Мишка опять замолчал. Ему, видно, очень хотелось посмотреть, как я мучаюсь.

— Мишка, — не вытерпел я наконец. — Да Мишка же! Расскажи!

— За золотом! — повторил Мишка. — Он слыхал, отец-то, в старину, до революции значит, хищники его в речке Безымянной мыли. И поехал один. Никому не сказал. Не смеялись чтобы, если ошибка выйдет. А там его — куча. С собой привёз, целую ложку. Вот!

Мишка от волнения не мог стоять на месте: он сел на ящик, вскочил, снова сел… А я стоял чуть дыша, шевелил губами и не мог ничего сказать.

— Мишка, — выговорил я наконец, — хищники — это же медведи…

Мишка так и покатился со смеху.

— Уморил! Люди это, ну, вроде бандитов. Они золото найдут где, в речке и моют. А на это закон есть, золото всё надо государству сдавать. А кто не отдаёт — тот, значит, бандит. И ружья у них есть. Они даже убить могут. Понял?

Я прислонился к перилам крыльца, схватил стойку рукой и молчал. Говорить не мог. Мишка тоже замолчал, сдвинул брови, нахмурился. Даже весёлые веснушки на вздёрнутом носу, показалось мне, сделались жёсткими и упрямыми.

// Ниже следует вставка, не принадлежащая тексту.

(* squared Euclidean distance; d(x,y) = sqrt (dist2 x y), and since sqrt is
   injective on nonnegative reals, d is preserved iff dist2 is preserved. *)
Definition dist2 n (x y : pt n) : nat := \sum_(i < n) (absdiff (x i) (y i)) ^ 2.

Definition ppmap n := pt n -> option (pt n).

Definition dom n (a : ppmap n) (x : pt n) : Prop := exists y, a x = Some y.
Definition ran n (a : ppmap n) (y : pt n) : Prop := exists x, a x = Some y.

Definition pinjective n (a : ppmap n) : Prop :=
  forall x y z, a x = Some z -> a y = Some z -> x = y.

Definition pisometry n (a : ppmap n) : Prop :=
  forall x y x' y', a x = Some x' -> a y = Some y' -> dist2 x' y' = dist2 x y.

Definition finite_pred n (P : pt n -> Prop) : Prop :=
  exists s : seq (pt n), forall x, P x -> x \in s.

Definition cofinite n (a : ppmap n) : Prop :=
  finite_pred (fun x => ~ dom a x) /\ finite_pred (fun y => ~ ran a y).

Definition IN n (a : ppmap n) : Prop :=
  pinjective a /\ pisometry a /\ cofinite a.

(* composition of partial maps written on the right: x (a b) = (x a) b *)
Definition compR n (a b : ppmap n) : ppmap n := fun x => obind b (a x).

Definition idI n : ppmap n := fun x => Some x.

(* S^1 (the monoid with identity adjoined; here S already contains it) *)
Definition IN1 n (u : ppmap n) : Prop := IN u \/ u = @idI n.

Definition greenR n (a b : ppmap n) : Prop :=
  forall c, (exists u, IN1 u /\ c = compR a u) <-> (exists u, IN1 u /\ c = compR b u).
Definition greenL n (a b : ppmap n) : Prop :=
  forall c, (exists u, IN1 u /\ c = compR u a) <-> (exists u, IN1 u /\ c = compR u b).
Definition greenJ n (a b : ppmap n) : Prop :=
  forall c, (exists u v, IN1 u /\ IN1 v /\ c = compR (compR u a) v) <->
            (exists u v, IN1 u /\ IN1 v /\ c = compR (compR u b) v).
Definition greenH n (a b : ppmap n) : Prop := greenL a b /\ greenR a b.
Definition greenD n (a b : ppmap n) : Prop :=
  exists c, IN c /\ greenL a c /\ greenR c b.

(* group of units H(I): the H-class of the identity *)
Definition HI n (s : ppmap n) : Prop := IN s /\ greenH s (@idI n).

Definition npo n (s t : ppmap n) : Prop :=
  exists e, IN e /\ compR e e = e /\ s = compR t e.

(* A cofinite partial isometry of N^n is the restriction of a coordinate permutation.
   Far out in its domain lies o = (N,...,N) with its unit neighbours o + e_i, whose
   images are Q and points at distance 1 from Q, i.e. Q +- e_(p i).  Moving a point one
   step along coordinate j changes its squared distance from y by 2 (z_j - y_j) + 1, so
   comparing the distances from any x in the domain to o and o + e_i with those from its
   image y yields y_(p i) - Q_(p i) = +-(x_i - N).  The minus sign fails for large x_i,
   and Q_(p i) = N because, as n >= 2, both the domain and the range contain points with
   a zero coordinate.  Hence the units are the coordinate permutations, and each Green
   relation compares domains or ranges up to a permutation; two sets each contained in
   a permuted copy of the other coincide up to that permutation, since permutations have
   finite order. *)

From mathcomp Require Import all_boot.
From Stdlib Require List.
From mathcomp Require Import fingroup perm zify.
From Stdlib Require Import Classical FunctionalExtensionality.
Set Implicit Arguments. Unset Strict Implicit. Unset Printing Implicit Defensive.

Lemma In_enum (T : finType) (x : T) : List.In x (enum T).
Proof.
have : x \in enum T by rewrite mem_enum.
elim: (enum T) => [//|y s IHs]; rewrite in_cons => /orP[/eqP ->|/IHs]; by [left | right].
Qed.

Section Points.
Variable n : nat.
Implicit Types (x y z : pt n).

Lemma absdiffS_sq a b : absdiff a b.+1 ^ 2 + 2 * a = absdiff a b ^ 2 + 2 * b + 1.
Proof. rewrite /absdiff; nia. Qed.

Lemma absdiff_eq0 a b : (absdiff a b == 0) = (a == b).
Proof. rewrite /absdiff; apply/eqP/eqP; lia. Qed.

Definition bump x (i : 'I_n) k : pt n := [ffun j => if j == i then x j + k else x j].

Lemma dist2xx x : dist2 x x = 0.
Proof. by rewrite /dist2 big1 // => i _; rewrite /absdiff subnn. Qed.

Lemma dist2_bump1 y z (j : 'I_n) :
  dist2 y (bump z j 1) + 2 * y j = dist2 y z + 2 * z j + 1.
Proof.
rewrite /dist2 (bigD1 j) // [in RHS](bigD1 j) //= ffunE eqxx addn1.
rewrite (eq_bigr (fun k => absdiff (y k) (z k) ^ 2)) => [|k /negbTE kj]; last first.
  by rewrite ffunE kj.
have := absdiffS_sq (y j) (z j).
move: (absdiff _ _ ^ 2) (absdiff _ _ ^ 2) (\sum_(_ | _) _) => u v w; lia.
Qed.

Lemma dist2_eq1 y z : dist2 y z = 1 -> exists j, z = bump y j 1 \/ y = bump z j 1.
Proof.
rewrite /dist2 => d1.
have [j nz_j] : exists j, absdiff (y j) (z j) != 0.
  apply/existsP; apply: contraT; rewrite negb_exists => /forallP z0.
  by move: d1; rewrite big1 // => k _; move/negbNE/eqP: (z0 k) => ->.
move: d1; rewrite (bigD1 j) //= => d1.
have /eqP : \sum_(k | k != j) absdiff (y k) (z k) ^ 2 = 0.
  by move: nz_j d1; move: (absdiff _ _) (\sum_(_ | _) _) => u w; nia.
rewrite sum_nat_eq0 => /forallP off_j.
have same k : k != j -> y k = z k.
  by move=> kj; move/implyP/(_ kj): (off_j k); rewrite expn_eq0 andbT absdiff_eq0 => /eqP.
have : absdiff (y j) (z j) = 1.
  by move: nz_j d1; case: (absdiff _ _) => [|[|d]] //; rewrite !expnS; lia.
rewrite /absdiff => dj; exists j.
have [yz|zy] : z j = y j + 1 \/ y j = z j + 1 by lia.
  by left; apply/ffunP => k; rewrite ffunE; case: eqP => [->|/eqP/same].
by right; apply/ffunP => k; rewrite ffunE; case: eqP => [->|/eqP/same].
Qed.

Lemma finite_pred_bounded (P : pt n -> Prop) :
  finite_pred P -> exists N, forall x k, N <= x k -> ~ P x.
Proof.
move=> [s Ps]; exists (\max_(z <- s) \max_k z k).+1 => x k Nx /Ps xs.
have := leq_bigmax_seq (P := fun _ => true) (F := fun z : pt n => \max_k z k) x xs isT.
by move/(leq_trans (leq_bigmax k)); rewrite leqNgt Nx.
Qed.

Lemma pt_zero_at (i : 'I_n) M : 1 < n -> exists2 x : pt n, x i = 0 & exists k, M <= x k.
Proof.
move=> n_gt1; exists [ffun k => if k == i then 0 else M]; first by rewrite ffunE eqxx.
have [k ki] : exists k : 'I_n, k != i.
  have [-> | ] := eqVneq i (Ordinal (ltnW n_gt1)); first by exists (Ordinal n_gt1).
  by exists (Ordinal (ltnW n_gt1)); rewrite eq_sym.
by exists k; rewrite ffunE (negbTE ki).
Qed.

Definition permute (q : {perm 'I_n}) x : pt n := [ffun j => x (q j)].

Definition sub_permute (a : ppmap n) (q : {perm 'I_n}) :=
  forall x y, a x = Some y -> y = permute q x.

Section CofiniteIsometry.
Variables (a : ppmap n) (N N' : nat).
Hypothesis n_gt1 : 1 < n.
Hypothesis iso_a : pisometry a.
Hypothesis dom_a : forall x k, N <= x k -> dom a x.
Hypothesis ran_a : forall z k, N' <= z k -> ran a z.

Let img x := odflt x (a x).
Let o : pt n := [ffun=> N].
Let Q := img o.
Let P i := img (bump o i 1).

Lemma img_big x k : N <= x k -> a x = Some (img x).
Proof. by move=> /dom_a [y]; rewrite /img => ->. Qed.

Lemma img_o : a o = Some Q.
Proof. by apply: (img_big (k := Ordinal (ltnW n_gt1))); rewrite ffunE. Qed.

Lemma img_bump i k : a (bump o i k) = Some (img (bump o i k)).
Proof. by apply: (img_big (k := i)); rewrite !ffunE eqxx leq_addr. Qed.

Lemma dist2_Q_P i : dist2 Q (P i) = 1.
Proof.
rewrite (iso_a img_o (img_bump i 1)).
by have := dist2_bump1 o o i; rewrite dist2xx; lia.
Qed.

Let p i : 'I_n := odflt i [pick j | (P i == bump Q j 1) || (Q == bump (P i) j 1)].

Lemma p_spec i : P i = bump Q (p i) 1 \/ Q = bump (P i) (p i) 1.
Proof.
rewrite /p; case: pickP => [j /orP[]/eqP|none]; [by left|by right|].
have [j [PQ|QP]] := dist2_eq1 (dist2_Q_P i).
  by move: (none j); rewrite PQ eqxx.
by move: (none j); rewrite QP eqxx orbT.
Qed.

Lemma coord_step i x y : a x = Some y ->
  (P i = bump Q (p i) 1 -> y (p i) + N = x i + Q (p i)) /\
  (Q = bump (P i) (p i) 1 -> x i + y (p i) = N + Q (p i)).
Proof.
move=> axy; have := dist2_bump1 x o i; rewrite !ffunE.
rewrite -(iso_a axy (img_bump i 1)) -(iso_a axy img_o) -/(P i) -/Q.
split=> [PQ | QP].
  by have := dist2_bump1 y Q (p i); rewrite -PQ; lia.
have := dist2_bump1 y (P i) (p i); rewrite -QP.
have -> : Q (p i) = P i (p i) + 1 by rewrite QP ffunE eqxx.
lia.
Qed.

Lemma coord_shift i x y : a x = Some y -> y (p i) + N = x i + Q (p i).
Proof.
move=> axy; case: (p_spec i) => [PQ | QP]; first exact: (coord_step i axy).1 PQ.
have := (coord_step i (img_bump i (Q (p i)).+1)).2 QP.
by rewrite !ffunE eqxx; lia.
Qed.

Lemma Q_p i : Q (p i) = N.
Proof.
case: (ltngtP (Q (p i)) N) => // [lt_QN|lt_NQ].
  have [x xi0 [k /img_big/(coord_shift i)]] := pt_zero_at i N n_gt1.
  by rewrite xi0; lia.
have [z zp0 [k /ran_a[x /(coord_shift i)]]] := pt_zero_at (p i) N' n_gt1.
by rewrite zp0; lia.
Qed.

Lemma coord_image i x y : a x = Some y -> y (p i) = x i.
Proof. by move/(coord_shift i); rewrite Q_p; lia. Qed.

Lemma p_inj : injective p.
Proof.
move=> i i' pii'; apply/eqP; apply: contraT => ii'.
have := coord_image i' (img_bump i 1); rewrite -pii' (coord_image i (img_bump i 1)).
by rewrite !ffunE eqxx eq_sym (negbTE ii'); lia.
Qed.

Lemma sub_permute_of_isometry : exists q, sub_permute a q.
Proof.
exists (perm p_inj)^-1%g => x y axy; apply/ffunP => j; rewrite ffunE.
by rewrite -(coord_image _ axy) -(permE p_inj) permKV.
Qed.

End CofiniteIsometry.

Implicit Types (a b c u v : ppmap n) (q r : {perm 'I_n}).

Lemma IN_sub_permute a : 1 < n -> IN a -> exists q, sub_permute a q.
Proof.
move=> n_gt1 [_ [iso_a [dom_fin ran_fin]]].
have [N domN] := finite_pred_bounded dom_fin.
have [N' ranN'] := finite_pred_bounded ran_fin.
apply: (sub_permute_of_isometry (N := N) (N' := N')) => // x k Nx.
  exact: NNPP (domN x k Nx).
exact: NNPP (ranN' x k Nx).
Qed.

Lemma permuteM q r x : permute q (permute r x) = permute (q * r)%g x.
Proof. by apply/ffunP => j; rewrite !ffunE permM. Qed.

Lemma permute1 x : permute 1%g x = x.
Proof. by apply/ffunP => j; rewrite !ffunE perm1. Qed.

Lemma permuteK q : cancel (permute q) (permute q^-1%g).
Proof. by move=> x; rewrite permuteM mulVg permute1. Qed.

Lemma permuteKV q : cancel (permute q^-1%g) (permute q).
Proof. by move=> x; rewrite permuteM mulgV permute1. Qed.

Lemma permute_inj q : injective (permute q).
Proof. exact: can_inj (permuteK q). Qed.
Lemma lifts_scaleA a b (x : L) : lifts_scale a (lifts_scale b x) = lifts_scale (a * b) x.
Proof. by apply: lifts_val_inj; rewrite /= tkk_scaleA. Qed.
Lemma lifts_scale1 : left_id 1 (@lifts_scale _ _ _ _ vmul_bil f).
Proof. by move=> x; apply: lifts_val_inj; rewrite /= tkk_scale1. Qed.
Lemma lifts_scaleDr : right_distributive (@lifts_scale _ _ _ _ vmul_bil f) +%R.
Proof. by move=> a x y; apply: lifts_val_inj; rewrite /= tkk_scaleDr. Qed.
Lemma lifts_scaleDl (x : L) : {morph (@lifts_scale _ _ _ _ vmul_bil f)^~ x : a b / a + b}.
Proof. by move=> a b; apply: lifts_val_inj; rewrite /= tkk_scaleDl. Qed.

End LiftsLmodule.

HB.instance Definition _ (K : fieldType) (J V : lmodType K) vmul vmul_bil f :=
  GRing.Zmodule_isLmodule.Build K (@lifts K J V vmul vmul_bil f)
    (@lifts_scaleA K J V vmul vmul_bil f) (@lifts_scale1 K J V vmul vmul_bil f)
    (@lifts_scaleDr K J V vmul vmul_bil f) (@lifts_scaleDl K J V vmul vmul_bil f).

Section LiftsLie.
Variables (K : fieldType) (J V : lmodType K) (jmul : J -> J -> J) (vmul : V -> V -> V).
Variable f : {linear J -> V}.
Hypotheses (vmul_jordan : is_jordan vmul) (two_neq0 : (2%:R : K) != 0).
Hypothesis f_mul : {morph f : a b / jmul a b >-> vmul a b}.

Let vmul_bil := jordan_symbilinear vmul_jordan.
Local Notation L := (lifts vmul_bil f).

Lemma is_lift_br X Y : is_lift vmul f X -> is_lift vmul f Y -> is_lift vmul f (tkk_br X Y).
Proof.
by move=> [p ->] [q ->]; exists (ld_br jmul p q); rewrite (lift_br vmul_jordan two_neq0 f_mul).
Qed.

Definition lifts_br (x y : L) : L := exist _ _ (is_lift_br (svalP x) (svalP y)).
(* Consider the client selection problem and the COCS policy described in the context, run with input parameters $K(t)=t^{z}\log(t)$ and $h_T=\lceil T^{\gamma}\rceil$, where $0<z<1$ and $0<\gamma<\frac12$. Then the expected regret incurred in exploration rounds satisfies $$\mathbb{E}[R_{\text{explore}}(T)]\le \frac{4N^2MB}{c^{\min}}\left(T^{z+2\gamma}\log(T)+T^{2\gamma}\right),$$ where $c^{\min}=\min_{n,t}c_n(y_n^t)$.
   Context: Setting. There are $N$ clients indexed by $\mathcal N=\{1,\dots,N\}$, $M$ edge servers (ESs) indexed by $\mathcal M=\{1,\dots,M\}$, and rounds $t=1,\dots,T$. In round $t$, ES $m$ can communicate with a set $\mathcal N_m^t\subseteq\mathcal N$ of clients (these sets may overlap). Each client $n$ reveals computation resources $y_n^t$ and charges a cost $c_n(y_n^t)>0$, with $c_n$ nondecreasing; $c^{\min}=\min_{n,t}c_n(y_n^t)$. Each ES has budget $B>0$. A feasible client selection decision in round $t$ is $\bm s^t=(\bm s_1^t,\dots,\bm s_M^t)$ with $\bm s_m^t\subseteq\mathcal N_m^t$, $\sum_{n\in\bm s_m^t}c_n(y_n^t)\le B$ for every $m$, and $\bm s_m^t\cap\bm s_{m'}^t=\emptyset$ for $m\neq m'$. Each client-ES pair $(n,m)$ with $n\in\mathcal N_m^t$ has an observed context $\phi_{n,m}^t\in\Phi=[0,1]^2$. If client $n$ is selected by ES $m$ in round $t$, its participation indicator $X_{n,m}^t\in\{0,1\}$ is Bernoulli with mean $p_{n,m}(\phi_{n,m}^t)$, where $p_{n,m}:\Phi\to[0,1]$ is unknown. The utility is $\mu(\bm s^t;\bm X^t)=\frac1M\sum_{m\in\mathcal M}\sum_{n\in\bm s_m^t}X_{n,m}^t$ (and $\mu(\bm s;\bm p^t)$ is the same expression with $p_{n,m}(\phi^t_{n,m})$ in place of $X^t_{n,m}$). The oracle decision $\bm s^{\mathrm{opt},t}$ maximizes $\mu(\bm s;\bm p^t)$ over feasible decisions. The expected regret of a policy choosing $\bm s^1,\dots,\bm s^T$ is $\mathbb E[R(T)]=\sum_{t=1}^T(\mathbb E[\mu(\bm s^{\mathrm{opt},t};\bm X^t)]-\mathbb E[\mu(\bm s^t;\bm X^t)])$. COCS policy (inputs: increasing function $K$, integer $h_T$). Partition $\Phi$ into $h_T^2$ squares of side $1/h_T$. For each pair $(n,m)$ and square $l$ keep a counter $C_{n,m}(l)$ (initially $0$) and an estimate $\hat p_{n,m}(l)$ equal to the sample mean of the indicators observed when $n$ was selected by $m$ with context in $l$ (initially $0$). In round $t$: observe all contexts, let $l^t_{n,m}$ be the square containing $\phi^t_{n,m}$ and set $\hat X^t_{n,m}=\hat p_{n,m}(l^t_{n,m})$; a pair is under-explored if $C_{n,m}(l^t_{n,m})\le K(t)$. If an under-explored pair exists (exploration round), select a feasible decision that first maximizes the number of selected under-explored clients and then spends the remaining per-ES budget on explored clients so as to maximize $\mu(\cdot;\hat{\bm X}^t)$ (when every ES has under-explored clients, simply a feasible decision of maximum cardinality). Otherwise (exploitation round), select a feasible $\bm s^t$ maximizing $\mu(\bm s;\hat{\bm X}^t)$. At the end of the round, for each selected pair observe $X^t_{n,m}$, update $\hat p_{n,m}(l^t_{n,m})$ as a running mean and increment $C_{n,m}(l^t_{n,m})$. $R_{\text{explore}}(T)$ and $R_{\text{exploit}}(T)$ denote the parts of the regret summed over exploration rounds and over exploitation rounds respectively, so $R(T)=R_{\text{explore}}(T)+R_{\text{exploit}}(T)$. *)

From HB Require Import structures.
From mathcomp Require Import all_boot all_order all_algebra.
From mathcomp Require Import all_classical all_reals exp.
Set Implicit Arguments. Unset Strict Implicit. Unset Printing Implicit Defensive.
Import Order.TTheory GRing.Theory Num.Theory.
Local Open Scope ring_scope.

Section COCS.
Variables (R : realType) (N M : nat).

(* A client selection decision: for each ES m, the set s m of clients it selects. *)
Definition decision := 'I_M -> {set 'I_N}.

(* Feasibility in a round, given the communication sets Nt m = N_m^t and the
   client costs cost n = c_n(y_n^t). *)
Definition feasible (Nt : decision) (cost : 'I_N -> R) (B : R) (s : decision) : Prop :=
  [/\ forall m, s m \subset Nt m,
      forall m, \sum_(n in s m) cost n <= B &
      forall m m', m != m' -> [disjoint s m & s m']].

Definition util (s : decision) (v : 'I_N -> 'I_M -> R) : R :=
  M%:R^-1 * \sum_(m < M) \sum_(n in s m) v n m.

Definition is_oracle (Nt : decision) (cost : 'I_N -> R) (B : R)
    (pt : 'I_N -> 'I_M -> R) (s : decision) : Prop :=
  feasible Nt cost B s /\ forall s', feasible Nt cost B s' -> util s' pt <= util s pt.

Definition is_cmin (T : nat) (c : 'I_N -> R -> R) (y : nat -> 'I_N -> R) (cm : R) : Prop :=
  (forall n t, (1 <= t <= T)%N -> cm <= c n (y t n)) /\
  (exists n t, (1 <= t <= T)%N /\ c n (y t n) = cm).

Definition hT (T : nat) (gamma : R) : nat := `|Num.ceil ((T%:R : R) `^ gamma)|%N.

Definition Kfun (z : R) (t : nat) : R := (t%:R : R) `^ z * ln (t%:R : R).

(* Index of the square of side 1/h containing x in [0,1]^2 (squares indexed by
   (i,j) with 0 <= i,j < h; points on the right/top boundary 1 go to the last square). *)
Definition cell (h : nat) (x : R * R) : nat * nat :=
  (minn (Num.truncn (x.1 * h%:R)) h.-1, minn (Num.truncn (x.2 * h%:R)) h.-1).

Definition in_unit_square (x : R * R) : Prop := 0 <= x.1 <= 1 /\ 0 <= x.2 <= 1.

Section Run.
(* A single realization: decisions s t, contexts phi t n m, indicators X t n m. *)
Variables (h : nat) (phi : nat -> 'I_N -> 'I_M -> R * R)
          (s : nat -> decision) (X : nat -> 'I_N -> 'I_M -> R).

Definition hit (n : 'I_N) (m : 'I_M) (l : nat * nat) (tau : nat) : bool :=
  (n \in s tau m) && (cell h (phi tau n m) == l).

Definition counter (t : nat) (n : 'I_N) (m : 'I_M) (l : nat * nat) : nat :=
  size [seq tau <- iota 1 t.-1 | hit n m l tau].

Definition estimate (t : nat) (n : 'I_N) (m : 'I_M) (l : nat * nat) : R :=
  if counter t n m l == 0%N then 0
  else (\sum_(tau <- iota 1 t.-1 | hit n m l tau) X tau n m) / (counter t n m l)%:R.

Definition Xhat (t : nat) (n : 'I_N) (m : 'I_M) : R :=
  estimate t n m (cell h (phi t n m)).

Variables (K : nat -> R) (Nset : nat -> decision).

Definition under_explored (t : nat) (n : 'I_N) (m : 'I_M) : bool :=
  (n \in Nset t m) && ((counter t n m (cell h (phi t n m)))%:R <= K t).

Definition exploration_round (t : nat) : bool :=
  [exists m, exists n, under_explored t n m].

Definition n_under (t : nat) (d : decision) : nat :=
  \sum_(m < M) #|[set n in d m | under_explored t n m]|.

Variables (cost : nat -> 'I_N -> R) (B : R).

Definition cocs_round (t : nat) : Prop :=
  let D := feasible (Nset t) (cost t) B in
  if exploration_round t then
    [/\ D (s t),
        (forall d, D d -> (n_under t d <= n_under t (s t))%N) &
        (~~ [forall m, exists n, under_explored t n m] ->
         forall d, D d ->
           (forall m, [set n in d m | under_explored t n m]
                      = [set n in s t m | under_explored t n m]) ->
           util d (Xhat t) <= util (s t) (Xhat t))]
  else D (s t) /\ (forall d, D d -> util d (Xhat t) <= util (s t) (Xhat t)).

End Run.

Definition regret_explore (T : nat) (h : nat) (phi : nat -> 'I_N -> 'I_M -> R * R)
    (K : nat -> R) (Nset : nat -> decision) (sopt : nat -> decision)
    (s : nat -> decision) (X : nat -> 'I_N -> 'I_M -> R) : R :=
  \sum_(1 <= t < T.+1 | exploration_round h phi s K Nset t)
     (util (sopt t) (X t) - util (s t) (X t)).

End COCS.

From HB Require Import structures.
From mathcomp Require Import all_boot all_order all_algebra.
From mathcomp Require Import all_classical all_reals exp.
From mathcomp Require Import ring.

(* An exploration round costs at most B / c^min regret, because any feasible
   decision selects at most B / c^min clients per edge server and indicators lie
   in {0, 1}.  In every exploration round COCS selects some under-explored pair
   (n, m): a one-client decision already selects one, and COCS maximizes their
   number.  For a fixed triple (n, m, square l) the counter C_{n,m}(l) grows each
   time the triple is selected, so it is selected while under-explored at most
   K(T) + 1 times.  There are N M h_T^2 <= 4 N M T^(2 gamma) triples, hence at
   most 4 N M T^(2 gamma) (K(T) + 1) exploration rounds. *)

Set Implicit Arguments. Unset Strict Implicit. Unset Printing Implicit Defensive.
Import Order.TTheory GRing.Theory Num.Theory.
Local Open Scope ring_scope.

Lemma count_le_sum_count (I : finType) (T : eqType) (a : pred T) (b : I -> pred T)
    (r : seq T) :
  {in r, forall x, a x -> exists i, b i x} -> (count a r <= \sum_i count (b i) r)%N.
Proof.
elim: r => [|x r IHr] cover /=; first by rewrite big1.
rewrite big_split /= leq_add ?IHr //; last first.
  by move=> y y_r; apply: cover; rewrite inE y_r orbT.
case: (boolP (a x)) => // /(cover x (mem_head x r))[i bix].
by rewrite (bigD1 i) //= bix.
Qed.

Lemma count_capped_le (R : numDomainType) (a hit : pred nat) (k : R) (T : nat) :
  0 <= k -> subpred a hit ->
  (forall t, (1 <= t <= T)%N -> a t -> (count hit (iota 1 t.-1))%:R <= k) ->
  (count a (iota 1 T))%:R <= k + 1.
Proof.
move=> k_ge0 a_hit; elim: T => [|T IHT] capped; first by rewrite addr_ge0.
rewrite -[X in iota 1 X]addn1 iotaD count_cat /= addn0 add1n natrD.
case: (boolP (a T.+1)) => aT /=; last first.
  by rewrite addr0 IHT // => t /andP[t_ge1 tT]; apply: capped; rewrite t_ge1 ltnW.
rewrite lerD2r (le_trans _ (capped T.+1 _ aT)) ?leqnn //.
by rewrite ler_nat sub_count.
Qed.

Lemma expectation_le (R : numDomainType) (Omega : finType) (P f : Omega -> R) (c : R) :
  (forall w, 0 <= P w) -> \sum_w P w = 1 -> (forall w, f w <= c) ->
  \sum_w P w * f w <= c.
Proof.
move=> P_ge0 P_sum1 f_le; rewrite -[leRHS]mul1r -P_sum1 mulr_suml.
by apply: ler_sum => w _; rewrite ler_wpM2l.
Qed.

— Отец всё золото на машины истратит, — заговорил он медленно, точно сам с собой. — А про нас смеётся, что у нас Аскания. А какая уж это Аскания? Два ежа, да вот лисёнок, и то мамка выкинуть обещается.

— Мишка, — перебил я его. — Я понял, нам заповедник устроить? Да?

— Заповедник! — сказал Мишка и ногой притопнул. — Золота набрать мешок или два мешка. Теперь-то уж устроим. Лесной, как на Кавказе, настоящий, в который звери сами собираются. Они ведь умные. Идёшь ты, к напримеру, по лесу, а навстречу, из кустов, лосиха. А за ней лосёнок. И не боится вовсе. Идёт, а у самого ножки-то длинные да тоненькие, — протянул он. На минуту даже голос его и глаза смягчились, точно он описывал что-то удивительное, видимое ему одному. Но тут же спохватился и недовольно откинул чуб. — Здоровенный, должно, идол, — сказал он небрежно. — Треск от него по лесу идёт, так и ломит. Вот завтра стяну у матери хлеба ковригу и айда!..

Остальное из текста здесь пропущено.